— Task description —
Please show all lines of the records that include "TopC".

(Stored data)
# # # #

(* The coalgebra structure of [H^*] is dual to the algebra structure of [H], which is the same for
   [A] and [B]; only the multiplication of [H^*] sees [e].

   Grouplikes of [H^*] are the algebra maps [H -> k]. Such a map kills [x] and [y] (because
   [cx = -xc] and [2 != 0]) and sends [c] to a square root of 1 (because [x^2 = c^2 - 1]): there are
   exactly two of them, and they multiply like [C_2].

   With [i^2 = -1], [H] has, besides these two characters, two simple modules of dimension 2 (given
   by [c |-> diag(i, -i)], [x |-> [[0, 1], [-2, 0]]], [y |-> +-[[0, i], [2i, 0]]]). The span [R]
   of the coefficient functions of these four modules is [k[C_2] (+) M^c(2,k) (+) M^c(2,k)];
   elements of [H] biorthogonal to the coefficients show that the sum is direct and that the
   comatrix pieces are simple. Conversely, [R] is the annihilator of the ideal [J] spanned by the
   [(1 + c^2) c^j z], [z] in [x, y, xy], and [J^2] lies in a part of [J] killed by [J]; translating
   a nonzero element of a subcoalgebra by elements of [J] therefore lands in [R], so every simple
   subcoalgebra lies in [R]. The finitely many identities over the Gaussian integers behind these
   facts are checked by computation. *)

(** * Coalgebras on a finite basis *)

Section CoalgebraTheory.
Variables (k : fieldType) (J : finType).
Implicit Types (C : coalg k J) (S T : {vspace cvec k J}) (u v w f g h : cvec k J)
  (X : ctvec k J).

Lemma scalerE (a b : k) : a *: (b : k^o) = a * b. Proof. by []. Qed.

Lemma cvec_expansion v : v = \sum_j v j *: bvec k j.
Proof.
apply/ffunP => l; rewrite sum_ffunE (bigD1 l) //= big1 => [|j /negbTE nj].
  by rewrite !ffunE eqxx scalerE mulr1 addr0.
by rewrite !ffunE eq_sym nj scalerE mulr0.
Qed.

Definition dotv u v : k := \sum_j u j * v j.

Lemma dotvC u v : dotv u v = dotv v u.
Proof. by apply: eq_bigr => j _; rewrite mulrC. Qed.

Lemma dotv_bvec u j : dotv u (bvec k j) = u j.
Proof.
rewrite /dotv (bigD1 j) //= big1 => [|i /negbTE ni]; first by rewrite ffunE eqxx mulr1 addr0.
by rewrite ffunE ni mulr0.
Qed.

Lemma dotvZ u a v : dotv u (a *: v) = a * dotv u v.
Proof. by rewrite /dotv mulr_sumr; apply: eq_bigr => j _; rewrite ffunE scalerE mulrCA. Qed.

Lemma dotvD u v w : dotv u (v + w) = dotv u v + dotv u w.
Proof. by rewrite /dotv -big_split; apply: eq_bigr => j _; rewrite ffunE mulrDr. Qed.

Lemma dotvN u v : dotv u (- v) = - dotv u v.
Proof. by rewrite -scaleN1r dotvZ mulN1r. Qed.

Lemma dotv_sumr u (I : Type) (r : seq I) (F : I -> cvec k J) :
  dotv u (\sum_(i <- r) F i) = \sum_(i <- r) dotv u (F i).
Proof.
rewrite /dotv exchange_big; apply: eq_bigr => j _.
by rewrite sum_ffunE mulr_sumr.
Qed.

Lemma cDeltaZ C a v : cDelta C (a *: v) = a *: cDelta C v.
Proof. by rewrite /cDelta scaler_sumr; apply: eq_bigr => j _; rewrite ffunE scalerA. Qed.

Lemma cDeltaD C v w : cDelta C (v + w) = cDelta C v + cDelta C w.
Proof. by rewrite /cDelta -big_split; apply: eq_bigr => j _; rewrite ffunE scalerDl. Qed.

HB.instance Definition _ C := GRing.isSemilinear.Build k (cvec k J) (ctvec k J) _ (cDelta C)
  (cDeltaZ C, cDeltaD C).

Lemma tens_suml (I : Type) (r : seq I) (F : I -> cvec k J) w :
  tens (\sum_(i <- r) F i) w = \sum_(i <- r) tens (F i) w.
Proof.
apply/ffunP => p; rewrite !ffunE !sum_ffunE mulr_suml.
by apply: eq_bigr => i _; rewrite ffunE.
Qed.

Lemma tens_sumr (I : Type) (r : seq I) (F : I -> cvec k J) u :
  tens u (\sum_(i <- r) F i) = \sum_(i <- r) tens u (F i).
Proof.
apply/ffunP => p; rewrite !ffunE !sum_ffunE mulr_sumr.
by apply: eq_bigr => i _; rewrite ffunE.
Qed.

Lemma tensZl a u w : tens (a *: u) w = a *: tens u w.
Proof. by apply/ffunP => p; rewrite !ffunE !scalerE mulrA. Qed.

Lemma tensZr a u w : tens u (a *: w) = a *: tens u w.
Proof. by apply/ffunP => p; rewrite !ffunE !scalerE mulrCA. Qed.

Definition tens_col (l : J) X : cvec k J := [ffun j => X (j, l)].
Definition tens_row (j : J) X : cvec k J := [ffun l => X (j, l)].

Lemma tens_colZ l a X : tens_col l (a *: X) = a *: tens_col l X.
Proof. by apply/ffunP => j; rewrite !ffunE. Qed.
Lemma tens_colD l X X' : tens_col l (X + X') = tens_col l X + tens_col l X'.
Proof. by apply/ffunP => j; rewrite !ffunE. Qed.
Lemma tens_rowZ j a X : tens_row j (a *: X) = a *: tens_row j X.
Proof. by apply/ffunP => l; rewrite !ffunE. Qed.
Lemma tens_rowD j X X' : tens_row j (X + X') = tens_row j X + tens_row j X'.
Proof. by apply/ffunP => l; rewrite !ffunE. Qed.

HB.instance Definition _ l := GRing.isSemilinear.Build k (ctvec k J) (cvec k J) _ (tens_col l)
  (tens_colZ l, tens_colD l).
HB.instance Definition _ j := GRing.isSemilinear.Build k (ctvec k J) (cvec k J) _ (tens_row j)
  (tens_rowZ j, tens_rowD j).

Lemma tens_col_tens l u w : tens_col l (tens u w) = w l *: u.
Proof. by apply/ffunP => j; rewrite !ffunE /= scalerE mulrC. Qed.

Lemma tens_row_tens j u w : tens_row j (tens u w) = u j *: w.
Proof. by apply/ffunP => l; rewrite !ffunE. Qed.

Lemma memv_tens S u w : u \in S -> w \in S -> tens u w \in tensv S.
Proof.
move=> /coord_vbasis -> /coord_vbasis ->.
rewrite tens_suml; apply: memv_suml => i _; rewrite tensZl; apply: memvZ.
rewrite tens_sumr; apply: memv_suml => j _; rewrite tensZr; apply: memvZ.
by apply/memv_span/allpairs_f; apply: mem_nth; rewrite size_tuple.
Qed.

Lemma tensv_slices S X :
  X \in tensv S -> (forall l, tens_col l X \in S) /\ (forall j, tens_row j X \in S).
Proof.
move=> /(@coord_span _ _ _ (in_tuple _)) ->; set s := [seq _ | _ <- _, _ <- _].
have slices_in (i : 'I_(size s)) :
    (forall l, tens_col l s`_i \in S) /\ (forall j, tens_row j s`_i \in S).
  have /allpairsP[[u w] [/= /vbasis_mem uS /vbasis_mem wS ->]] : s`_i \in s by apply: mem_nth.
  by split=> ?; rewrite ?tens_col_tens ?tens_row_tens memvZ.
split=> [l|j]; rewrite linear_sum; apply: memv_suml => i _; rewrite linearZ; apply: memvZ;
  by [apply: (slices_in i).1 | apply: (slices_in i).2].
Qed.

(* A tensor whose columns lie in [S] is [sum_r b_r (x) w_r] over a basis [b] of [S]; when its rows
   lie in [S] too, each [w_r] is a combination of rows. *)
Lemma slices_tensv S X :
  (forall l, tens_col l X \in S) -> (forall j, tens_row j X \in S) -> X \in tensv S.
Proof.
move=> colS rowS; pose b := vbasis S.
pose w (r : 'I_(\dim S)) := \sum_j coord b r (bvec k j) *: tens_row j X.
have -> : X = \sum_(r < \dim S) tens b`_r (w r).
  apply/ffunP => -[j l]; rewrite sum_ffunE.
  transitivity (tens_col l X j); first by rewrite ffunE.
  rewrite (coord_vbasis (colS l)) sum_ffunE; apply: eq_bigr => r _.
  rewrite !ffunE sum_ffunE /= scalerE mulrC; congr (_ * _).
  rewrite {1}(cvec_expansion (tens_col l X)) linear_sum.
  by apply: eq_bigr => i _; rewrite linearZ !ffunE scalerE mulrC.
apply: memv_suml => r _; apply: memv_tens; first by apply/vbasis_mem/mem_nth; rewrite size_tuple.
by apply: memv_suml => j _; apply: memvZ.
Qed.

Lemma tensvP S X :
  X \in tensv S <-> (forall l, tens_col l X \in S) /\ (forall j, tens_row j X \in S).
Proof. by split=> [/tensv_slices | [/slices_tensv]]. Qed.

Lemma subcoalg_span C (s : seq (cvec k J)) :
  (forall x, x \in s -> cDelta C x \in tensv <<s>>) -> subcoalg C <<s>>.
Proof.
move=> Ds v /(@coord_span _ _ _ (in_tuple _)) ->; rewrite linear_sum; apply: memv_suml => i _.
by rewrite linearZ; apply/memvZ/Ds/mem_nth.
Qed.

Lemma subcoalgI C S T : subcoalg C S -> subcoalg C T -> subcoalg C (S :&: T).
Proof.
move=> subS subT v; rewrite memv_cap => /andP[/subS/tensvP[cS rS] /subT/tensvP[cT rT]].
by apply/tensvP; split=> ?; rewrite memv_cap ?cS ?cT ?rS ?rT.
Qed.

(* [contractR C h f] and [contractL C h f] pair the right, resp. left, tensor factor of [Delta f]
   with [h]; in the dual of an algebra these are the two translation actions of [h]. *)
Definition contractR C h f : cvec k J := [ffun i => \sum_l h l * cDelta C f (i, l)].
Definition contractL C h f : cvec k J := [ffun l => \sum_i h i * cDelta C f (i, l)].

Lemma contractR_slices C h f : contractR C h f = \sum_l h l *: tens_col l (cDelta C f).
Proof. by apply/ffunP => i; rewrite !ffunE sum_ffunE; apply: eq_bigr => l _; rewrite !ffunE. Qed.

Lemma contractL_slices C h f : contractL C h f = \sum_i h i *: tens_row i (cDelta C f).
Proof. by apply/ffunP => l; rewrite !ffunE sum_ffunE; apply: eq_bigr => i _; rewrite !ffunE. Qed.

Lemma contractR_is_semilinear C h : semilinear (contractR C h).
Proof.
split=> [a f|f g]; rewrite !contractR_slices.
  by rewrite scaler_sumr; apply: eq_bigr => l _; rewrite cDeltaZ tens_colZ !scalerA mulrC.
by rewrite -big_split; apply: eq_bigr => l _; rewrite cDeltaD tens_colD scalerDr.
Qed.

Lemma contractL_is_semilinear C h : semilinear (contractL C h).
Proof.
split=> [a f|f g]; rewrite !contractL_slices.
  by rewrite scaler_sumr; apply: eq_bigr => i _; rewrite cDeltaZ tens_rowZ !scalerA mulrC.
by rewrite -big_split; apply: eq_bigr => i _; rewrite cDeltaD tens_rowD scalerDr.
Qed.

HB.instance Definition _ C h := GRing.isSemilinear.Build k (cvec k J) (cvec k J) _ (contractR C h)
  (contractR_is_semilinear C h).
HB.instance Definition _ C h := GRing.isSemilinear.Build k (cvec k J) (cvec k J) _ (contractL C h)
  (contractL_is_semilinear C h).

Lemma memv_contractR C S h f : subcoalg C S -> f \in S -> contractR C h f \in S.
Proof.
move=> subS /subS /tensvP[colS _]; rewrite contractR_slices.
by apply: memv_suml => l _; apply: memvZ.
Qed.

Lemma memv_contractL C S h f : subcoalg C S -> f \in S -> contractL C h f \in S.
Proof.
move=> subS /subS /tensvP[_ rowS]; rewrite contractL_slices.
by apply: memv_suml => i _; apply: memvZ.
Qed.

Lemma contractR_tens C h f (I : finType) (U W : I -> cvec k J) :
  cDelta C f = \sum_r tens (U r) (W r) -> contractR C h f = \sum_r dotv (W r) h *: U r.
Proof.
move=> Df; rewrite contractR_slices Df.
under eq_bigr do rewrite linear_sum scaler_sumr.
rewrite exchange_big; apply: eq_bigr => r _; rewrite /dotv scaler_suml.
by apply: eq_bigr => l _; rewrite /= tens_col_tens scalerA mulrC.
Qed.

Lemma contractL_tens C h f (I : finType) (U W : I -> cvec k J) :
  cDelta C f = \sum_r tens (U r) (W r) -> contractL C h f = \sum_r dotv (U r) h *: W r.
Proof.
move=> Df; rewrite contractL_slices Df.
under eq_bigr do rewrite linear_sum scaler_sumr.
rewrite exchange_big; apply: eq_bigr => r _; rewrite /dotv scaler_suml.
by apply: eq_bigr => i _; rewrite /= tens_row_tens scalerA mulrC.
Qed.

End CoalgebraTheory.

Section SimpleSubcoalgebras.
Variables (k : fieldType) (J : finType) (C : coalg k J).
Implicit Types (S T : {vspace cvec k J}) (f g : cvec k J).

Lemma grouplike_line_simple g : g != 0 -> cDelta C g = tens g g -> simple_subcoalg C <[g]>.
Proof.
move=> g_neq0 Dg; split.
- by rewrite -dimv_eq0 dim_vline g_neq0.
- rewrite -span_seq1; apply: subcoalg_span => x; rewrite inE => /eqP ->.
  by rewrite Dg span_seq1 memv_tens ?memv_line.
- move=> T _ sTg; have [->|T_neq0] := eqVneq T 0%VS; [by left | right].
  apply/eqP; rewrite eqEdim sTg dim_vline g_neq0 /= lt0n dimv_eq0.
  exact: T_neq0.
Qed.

# # # #

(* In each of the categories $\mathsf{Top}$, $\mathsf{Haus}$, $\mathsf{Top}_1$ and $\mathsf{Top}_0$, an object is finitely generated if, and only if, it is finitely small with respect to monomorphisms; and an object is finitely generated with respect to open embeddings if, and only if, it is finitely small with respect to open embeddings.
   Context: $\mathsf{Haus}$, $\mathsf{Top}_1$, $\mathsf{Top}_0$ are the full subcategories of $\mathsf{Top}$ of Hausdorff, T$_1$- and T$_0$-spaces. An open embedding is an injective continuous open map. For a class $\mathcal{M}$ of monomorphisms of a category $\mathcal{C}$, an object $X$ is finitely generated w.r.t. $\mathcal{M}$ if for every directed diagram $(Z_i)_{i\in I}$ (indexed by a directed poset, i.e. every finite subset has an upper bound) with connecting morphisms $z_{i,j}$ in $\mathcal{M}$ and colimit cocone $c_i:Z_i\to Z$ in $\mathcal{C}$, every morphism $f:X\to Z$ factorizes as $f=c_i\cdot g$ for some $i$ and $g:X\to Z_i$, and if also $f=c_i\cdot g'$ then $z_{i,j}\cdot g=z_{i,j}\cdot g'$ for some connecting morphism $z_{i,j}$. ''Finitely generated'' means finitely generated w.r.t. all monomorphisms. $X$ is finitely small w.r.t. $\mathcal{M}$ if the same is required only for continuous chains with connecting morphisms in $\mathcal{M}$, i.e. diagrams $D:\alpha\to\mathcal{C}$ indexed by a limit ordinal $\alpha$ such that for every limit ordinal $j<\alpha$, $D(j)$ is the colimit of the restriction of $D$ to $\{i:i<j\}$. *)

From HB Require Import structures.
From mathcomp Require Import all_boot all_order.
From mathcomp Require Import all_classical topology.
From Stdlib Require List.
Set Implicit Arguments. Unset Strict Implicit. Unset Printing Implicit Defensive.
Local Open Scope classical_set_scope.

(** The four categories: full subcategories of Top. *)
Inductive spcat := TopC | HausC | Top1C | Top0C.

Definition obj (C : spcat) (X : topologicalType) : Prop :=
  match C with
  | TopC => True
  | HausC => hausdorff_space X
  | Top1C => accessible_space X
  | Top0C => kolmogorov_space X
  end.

# # # #

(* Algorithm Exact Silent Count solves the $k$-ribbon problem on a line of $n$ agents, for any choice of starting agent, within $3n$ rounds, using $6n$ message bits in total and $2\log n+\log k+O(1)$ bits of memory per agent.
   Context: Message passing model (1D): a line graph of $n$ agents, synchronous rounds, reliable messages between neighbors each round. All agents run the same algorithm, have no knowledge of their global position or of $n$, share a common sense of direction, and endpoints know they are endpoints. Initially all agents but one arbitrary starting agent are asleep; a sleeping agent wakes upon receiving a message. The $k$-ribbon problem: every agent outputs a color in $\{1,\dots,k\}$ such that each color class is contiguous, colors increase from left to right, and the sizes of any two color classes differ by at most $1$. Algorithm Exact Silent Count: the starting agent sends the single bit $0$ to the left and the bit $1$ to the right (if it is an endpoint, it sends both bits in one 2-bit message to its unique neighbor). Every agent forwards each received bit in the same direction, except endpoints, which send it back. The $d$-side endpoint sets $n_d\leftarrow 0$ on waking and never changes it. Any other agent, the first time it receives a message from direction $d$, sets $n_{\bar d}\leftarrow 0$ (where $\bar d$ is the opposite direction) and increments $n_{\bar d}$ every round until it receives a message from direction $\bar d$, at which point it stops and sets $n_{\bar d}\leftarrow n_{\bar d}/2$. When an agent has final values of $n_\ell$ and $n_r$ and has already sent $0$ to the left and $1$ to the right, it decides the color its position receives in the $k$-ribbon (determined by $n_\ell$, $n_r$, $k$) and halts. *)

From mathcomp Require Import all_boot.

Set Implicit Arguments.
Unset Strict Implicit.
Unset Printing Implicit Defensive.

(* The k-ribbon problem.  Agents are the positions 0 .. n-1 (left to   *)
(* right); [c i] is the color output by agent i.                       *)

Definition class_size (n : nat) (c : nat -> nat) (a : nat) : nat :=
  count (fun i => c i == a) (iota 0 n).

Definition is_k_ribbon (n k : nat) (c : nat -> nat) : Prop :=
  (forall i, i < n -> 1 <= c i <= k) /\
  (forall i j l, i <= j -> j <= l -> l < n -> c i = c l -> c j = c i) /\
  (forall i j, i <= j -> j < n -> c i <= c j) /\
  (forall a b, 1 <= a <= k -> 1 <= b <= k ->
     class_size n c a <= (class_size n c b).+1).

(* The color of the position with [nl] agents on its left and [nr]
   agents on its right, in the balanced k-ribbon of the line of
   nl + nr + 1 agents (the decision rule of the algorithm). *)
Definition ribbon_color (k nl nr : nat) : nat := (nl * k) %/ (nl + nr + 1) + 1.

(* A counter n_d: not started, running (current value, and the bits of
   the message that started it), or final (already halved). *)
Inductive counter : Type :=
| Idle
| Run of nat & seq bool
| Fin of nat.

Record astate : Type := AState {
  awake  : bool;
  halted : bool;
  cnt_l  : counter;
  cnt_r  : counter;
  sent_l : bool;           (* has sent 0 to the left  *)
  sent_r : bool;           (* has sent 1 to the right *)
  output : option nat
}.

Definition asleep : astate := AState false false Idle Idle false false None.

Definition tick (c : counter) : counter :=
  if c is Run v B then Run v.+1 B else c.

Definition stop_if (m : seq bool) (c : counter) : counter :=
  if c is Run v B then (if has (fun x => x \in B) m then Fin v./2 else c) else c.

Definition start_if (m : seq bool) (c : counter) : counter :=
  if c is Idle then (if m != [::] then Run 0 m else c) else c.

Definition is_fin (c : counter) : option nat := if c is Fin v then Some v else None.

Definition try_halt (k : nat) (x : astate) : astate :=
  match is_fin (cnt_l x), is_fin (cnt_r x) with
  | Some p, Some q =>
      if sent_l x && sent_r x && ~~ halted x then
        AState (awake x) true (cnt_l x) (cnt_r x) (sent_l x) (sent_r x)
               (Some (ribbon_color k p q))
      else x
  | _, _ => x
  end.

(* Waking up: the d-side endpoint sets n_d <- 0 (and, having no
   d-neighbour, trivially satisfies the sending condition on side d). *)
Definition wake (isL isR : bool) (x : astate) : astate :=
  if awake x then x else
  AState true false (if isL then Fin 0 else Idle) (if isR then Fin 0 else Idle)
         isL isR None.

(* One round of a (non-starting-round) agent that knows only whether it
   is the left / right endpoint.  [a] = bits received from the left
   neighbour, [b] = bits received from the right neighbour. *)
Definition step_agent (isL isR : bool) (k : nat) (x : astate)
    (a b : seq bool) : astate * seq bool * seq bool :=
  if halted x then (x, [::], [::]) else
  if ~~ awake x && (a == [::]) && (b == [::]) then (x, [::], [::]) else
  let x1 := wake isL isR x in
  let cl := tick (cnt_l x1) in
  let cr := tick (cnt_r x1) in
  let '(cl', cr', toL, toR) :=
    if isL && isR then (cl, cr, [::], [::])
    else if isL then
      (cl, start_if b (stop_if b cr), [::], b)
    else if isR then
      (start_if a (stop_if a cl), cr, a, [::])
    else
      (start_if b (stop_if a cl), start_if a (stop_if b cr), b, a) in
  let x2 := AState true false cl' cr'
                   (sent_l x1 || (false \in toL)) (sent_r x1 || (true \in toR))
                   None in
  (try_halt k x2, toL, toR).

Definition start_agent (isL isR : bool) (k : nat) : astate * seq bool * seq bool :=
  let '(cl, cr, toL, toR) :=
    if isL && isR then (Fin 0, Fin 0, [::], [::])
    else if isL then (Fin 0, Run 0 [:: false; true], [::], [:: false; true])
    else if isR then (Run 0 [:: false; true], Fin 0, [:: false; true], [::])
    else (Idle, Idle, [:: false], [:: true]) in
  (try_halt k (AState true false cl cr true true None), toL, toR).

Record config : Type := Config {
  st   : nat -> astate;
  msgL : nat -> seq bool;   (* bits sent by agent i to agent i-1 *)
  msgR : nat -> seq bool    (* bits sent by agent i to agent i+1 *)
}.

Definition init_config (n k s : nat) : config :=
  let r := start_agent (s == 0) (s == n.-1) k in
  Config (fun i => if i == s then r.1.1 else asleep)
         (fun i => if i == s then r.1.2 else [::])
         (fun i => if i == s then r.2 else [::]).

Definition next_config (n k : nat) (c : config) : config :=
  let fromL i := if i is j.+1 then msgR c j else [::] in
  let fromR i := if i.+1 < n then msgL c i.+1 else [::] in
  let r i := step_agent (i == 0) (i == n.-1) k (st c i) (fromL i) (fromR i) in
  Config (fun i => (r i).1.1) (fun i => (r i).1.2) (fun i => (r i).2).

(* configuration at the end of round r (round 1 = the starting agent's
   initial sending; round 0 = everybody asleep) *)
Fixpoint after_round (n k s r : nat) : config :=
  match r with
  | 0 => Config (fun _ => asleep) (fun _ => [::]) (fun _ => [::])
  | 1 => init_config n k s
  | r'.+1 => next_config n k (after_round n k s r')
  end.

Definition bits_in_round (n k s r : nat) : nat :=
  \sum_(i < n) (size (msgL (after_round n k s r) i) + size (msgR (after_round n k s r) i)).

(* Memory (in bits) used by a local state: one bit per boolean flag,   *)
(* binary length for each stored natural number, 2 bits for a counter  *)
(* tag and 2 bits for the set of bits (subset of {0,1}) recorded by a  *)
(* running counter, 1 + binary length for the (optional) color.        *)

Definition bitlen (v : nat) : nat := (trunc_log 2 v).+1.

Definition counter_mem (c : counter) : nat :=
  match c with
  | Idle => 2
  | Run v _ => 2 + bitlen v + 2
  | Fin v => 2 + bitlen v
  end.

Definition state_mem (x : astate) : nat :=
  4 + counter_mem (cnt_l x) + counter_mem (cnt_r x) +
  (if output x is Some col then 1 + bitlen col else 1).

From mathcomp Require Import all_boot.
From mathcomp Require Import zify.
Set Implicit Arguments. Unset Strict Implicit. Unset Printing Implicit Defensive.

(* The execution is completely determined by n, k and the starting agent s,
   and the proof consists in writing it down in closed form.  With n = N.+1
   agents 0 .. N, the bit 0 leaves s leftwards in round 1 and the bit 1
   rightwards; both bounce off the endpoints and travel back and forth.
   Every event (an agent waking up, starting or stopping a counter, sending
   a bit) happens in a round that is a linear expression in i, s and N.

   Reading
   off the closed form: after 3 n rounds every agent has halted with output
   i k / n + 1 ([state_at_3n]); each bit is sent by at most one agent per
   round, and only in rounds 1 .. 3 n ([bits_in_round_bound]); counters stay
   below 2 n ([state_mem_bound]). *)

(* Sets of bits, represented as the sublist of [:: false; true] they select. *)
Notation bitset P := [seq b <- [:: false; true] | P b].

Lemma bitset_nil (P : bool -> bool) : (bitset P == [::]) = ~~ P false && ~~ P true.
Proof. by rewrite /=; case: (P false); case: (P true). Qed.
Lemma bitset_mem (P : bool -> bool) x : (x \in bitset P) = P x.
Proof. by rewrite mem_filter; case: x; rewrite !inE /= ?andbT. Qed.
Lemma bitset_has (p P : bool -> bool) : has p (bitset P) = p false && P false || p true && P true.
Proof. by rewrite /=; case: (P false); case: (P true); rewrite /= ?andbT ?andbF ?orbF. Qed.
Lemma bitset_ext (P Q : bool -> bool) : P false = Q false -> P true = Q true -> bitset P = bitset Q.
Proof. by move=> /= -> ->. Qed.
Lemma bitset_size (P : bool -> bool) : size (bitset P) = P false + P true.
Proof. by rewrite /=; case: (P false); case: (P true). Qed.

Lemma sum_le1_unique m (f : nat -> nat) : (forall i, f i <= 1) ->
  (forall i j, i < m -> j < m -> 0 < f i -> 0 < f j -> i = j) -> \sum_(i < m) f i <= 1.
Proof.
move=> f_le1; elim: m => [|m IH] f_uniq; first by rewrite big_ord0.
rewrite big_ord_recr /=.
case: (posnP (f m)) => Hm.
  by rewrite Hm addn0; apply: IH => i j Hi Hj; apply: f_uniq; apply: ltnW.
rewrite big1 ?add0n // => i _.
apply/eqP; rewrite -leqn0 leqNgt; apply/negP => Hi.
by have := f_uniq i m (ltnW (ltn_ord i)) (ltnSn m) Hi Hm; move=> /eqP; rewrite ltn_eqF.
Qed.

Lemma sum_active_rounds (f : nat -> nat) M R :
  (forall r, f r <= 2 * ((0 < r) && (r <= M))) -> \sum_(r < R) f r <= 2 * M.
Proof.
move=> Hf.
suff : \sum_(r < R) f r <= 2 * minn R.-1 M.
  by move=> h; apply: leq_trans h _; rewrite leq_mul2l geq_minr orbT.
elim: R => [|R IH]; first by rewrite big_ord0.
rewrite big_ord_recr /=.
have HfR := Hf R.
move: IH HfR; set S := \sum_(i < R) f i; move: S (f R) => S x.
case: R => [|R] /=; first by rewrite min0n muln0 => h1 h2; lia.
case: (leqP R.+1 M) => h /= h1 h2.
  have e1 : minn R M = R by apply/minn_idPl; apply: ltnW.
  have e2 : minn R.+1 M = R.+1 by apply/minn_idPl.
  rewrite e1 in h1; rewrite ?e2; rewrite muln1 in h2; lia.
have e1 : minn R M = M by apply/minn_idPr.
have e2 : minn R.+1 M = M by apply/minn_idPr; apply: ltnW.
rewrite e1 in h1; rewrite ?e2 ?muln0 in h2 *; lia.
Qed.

# # # #

— Answer space —
Inductive spcat := TopC | HausC | Top1C | Top0C.
  | TopC => True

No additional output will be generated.